Potentiels et limites du grand emprunt

En théorie, l’emprunt national est risqué

Des engagements mis en péril

La politique budgétaire est dite soutenable si les choix opérés sur une longue période ne conduisent pas à une accumulation excessive de dette publique , i.e., à un niveau de dette qui ne pourrait pas être couvert à l’avenir par des surplus budgétaires. Une dette non soutenable serait une dette où l’État émettrait indéfiniment de nouveaux emprunts pour payer les intérêts et le principal arrivant à échéance 1 .

Une politique budgétaire soutenable est celle qui ne compromet pas à terme la solvabilité de l’État – son aptitude à honorer le service de sa dette –, y compris si nécessaire par des ajustements budgétaires extrêmement importants.

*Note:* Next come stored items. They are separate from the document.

Lemma LpNorm_theta_le r : (0 < r)%R ->
  LpNorm_cube r%:E (theta s M y) <= (2 `^ (s%:R / r) * M `^ (- (s%:R / r)))%:E.
Proof.
move=> r_gt0; have ri_ge0 : (0 <= r^-1)%R by rewrite invr_ge0 ltW.
have -> : (2 `^ (s%:R / r) * M `^ (- (s%:R / r)) = ((2 / M) ^+ s) `^ r^-1)%R.
  by rewrite powR_exprn_inv ?divr_ge0 // powRM ?invr_ge0 // powR_invl.
rewrite -poweR_EFin; apply: gt0_ler_poweR => //.
- by rewrite in_itv /= leey andbT; apply: cube_int_ge0 => x _ /=; rewrite lee_fin powR_ge0.
- by rewrite in_itv /= leey andbT lee_fin exprn_ge0 // divr_ge0.
exact: cube_int_theta_pow_le.
Qed.

Lemma LpNorm_theta_ge r : (0 < r)%R ->
  (2^-1 * (4 * s%:R) `^ (- (s%:R / r)) * M `^ (- (s%:R / r)))%:E <=
  LpNorm_cube r%:E (theta s M y).
Proof.
move=> r_gt0; have ri_ge0 : (0 <= r^-1)%R by rewrite invr_ge0 ltW.
have -> : (2^-1 * (4 * s%:R) `^ (- (s%:R / r)) * M `^ (- (s%:R / r)) =
           (2^-1 `^ r * delta ^+ s) `^ r^-1)%R.
  rewrite [RHS]powRM ?powR_ge0 ?exprn_ge0 // -powRrM mulfV ?gt_eqF // powRr1 ?invr_ge0 //.
  by rewrite powR_exprn_inv // powR_invl ?(ltW foursM_gt0) // -mulrA -powRM ?mulr_ge0.
rewrite -poweR_EFin; apply: gt0_ler_poweR => //.
- by rewrite in_itv /= leey andbT lee_fin mulr_ge0 ?powR_ge0 ?exprn_ge0.
- by rewrite in_itv /= leey andbT; apply: cube_int_ge0 => x _ /=; rewrite lee_fin powR_ge0.
exact/cube_int_theta_pow_ge/ltW.
Qed.

Lemma LpNorm_theta_oo_le : LpNorm_cube +oo (theta s M y) <= 1%:E.
Proof.
apply: ereal_inf_lbound => /=.
rewrite (_ : (fun x => _) = fun _ => 0); first exact: iter_int0.
by apply/funext => x; rewrite lte_fin ger0_norm ?theta_ge0 // ltNge theta_le1.
Qed.

Lemma LpNorm_theta_oo_ge : (2^-1)%:E <= LpNorm_cube +oo (theta s M y).
Proof.
apply/ereal_infP => c /= null_c; rewrite leNgt; apply/negP => c_lt.
suff : ((1 * delta ^+ s)%:E <= 0) by rewrite lee_fin mul1r leNgt exprn_gt0.
rewrite -null_c; apply: le_trans (le_cube_int
  (g1 := fun x => (1 * box_ind (cyl_lo s y delta) (cyl_hi s y delta) x)%:E) _ _).
- rewrite cube_int_box ?ler01 // => [|i]; last exact: cyl_lo_le_hi.
  by rewrite lee_fin ler_wpM2l ?ler01 // cyl_vol_ge // delta_ge0.
- by move=> x _; rewrite lee_fin mul1r box_ind_ge0.
move=> x _; rewrite mul1r.
have [->|/box_ind_cyl_dist near_y] :=
  eqVneq (box_ind (cyl_lo s y delta) (cyl_hi s y delta) x) 0%R; first by case: ifP.
rewrite ifT; first by rewrite lee_fin box_indE; case: ifP.
by apply: lt_le_trans c_lt _; rewrite lee_fin ger0_norm ?theta_ge0 // theta_ge_half.
Qed.

End theta_norm.

Theorem lemma2p3 (R : realType) (d s : nat) (M : R) (y : 'I_d -> R) (p : \bar R) :
  (1 <= s <= d)%N -> 1 <= M -> (forall i, 0 <= y i <= 1) -> (0 < p)%E ->
  supp_fun (theta s M y) `<=` [set x | forall i : 'I_d, (i < s)%N -> `|x i - y i| <= M^-1]
  /\ ((2^-1 * (4 * s%:R) `^ (- s_over_p s p) * M `^ (- s_over_p s p))%:E
        <= LpNorm_cube p (theta s M y))%E
  /\ (LpNorm_cube p (theta s M y) <= (2 `^ (s_over_p s p) * M `^ (- s_over_p s p))%:E)%E.
Proof.
move=> /andP[s_gt0 s_le_d] M_ge1 y01 p_gt0.
split; first by apply: supp_theta_sub => //; exact: lt_le_trans ltr01 M_ge1.
case: p p_gt0 => [r r_gt0||//] /=.
  rewrite lte_fin in r_gt0.
  by split; [exact: LpNorm_theta_ge | exact: LpNorm_theta_le].
rewrite oppr0 !powRr0 !mulr1; split.
  exact: LpNorm_theta_oo_ge.
exact: LpNorm_theta_oo_le.
Qed.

Afin de garantir une politique économique soutenable, les règles liées aux politiques budgétaires se sont multipliées, en particulier dans le cadre de l’Union économique et monétaire. Le Pacte de Stabilité et de Croissance a ainsi pour objectif de moyen terme l’équilibre des comptes publics. Pour cela, il indique que le rapport entre déficit public et PIB ne doit pas dépasser 3 % pour que les États membres aient des marges de manœuvre en cas de difficultés économiques, comme c’est le cas aujourd’hui. Quant à la dette publique, elle ne doit pas dépasser 60 % du PIB, sauf en cas de difficultés économiques.

La crise a fait exploser le cadre prévu par les traités européens : le déficit public de la France devrait représenter plus de 8 % du PIB en 2009 alors que la dette publique brute devrait représenter près de 80 % du PIB (voir lexique : dette et déficit publics au sens du Traité de Maastricht).

Depuis avril 2009, la France fait l’objet d’une procédure pour « déficit excessif ». La Commission européenne estime que si le déficit français est aussi important, ce n’est pas seulement à cause de la crise, mais parce que rien n’a été fait pour le limiter quand la croissance était là.

Afin de conjuguer réduction du déficit et grand emprunt, le gouvernement a mis en place un programme de stabilité .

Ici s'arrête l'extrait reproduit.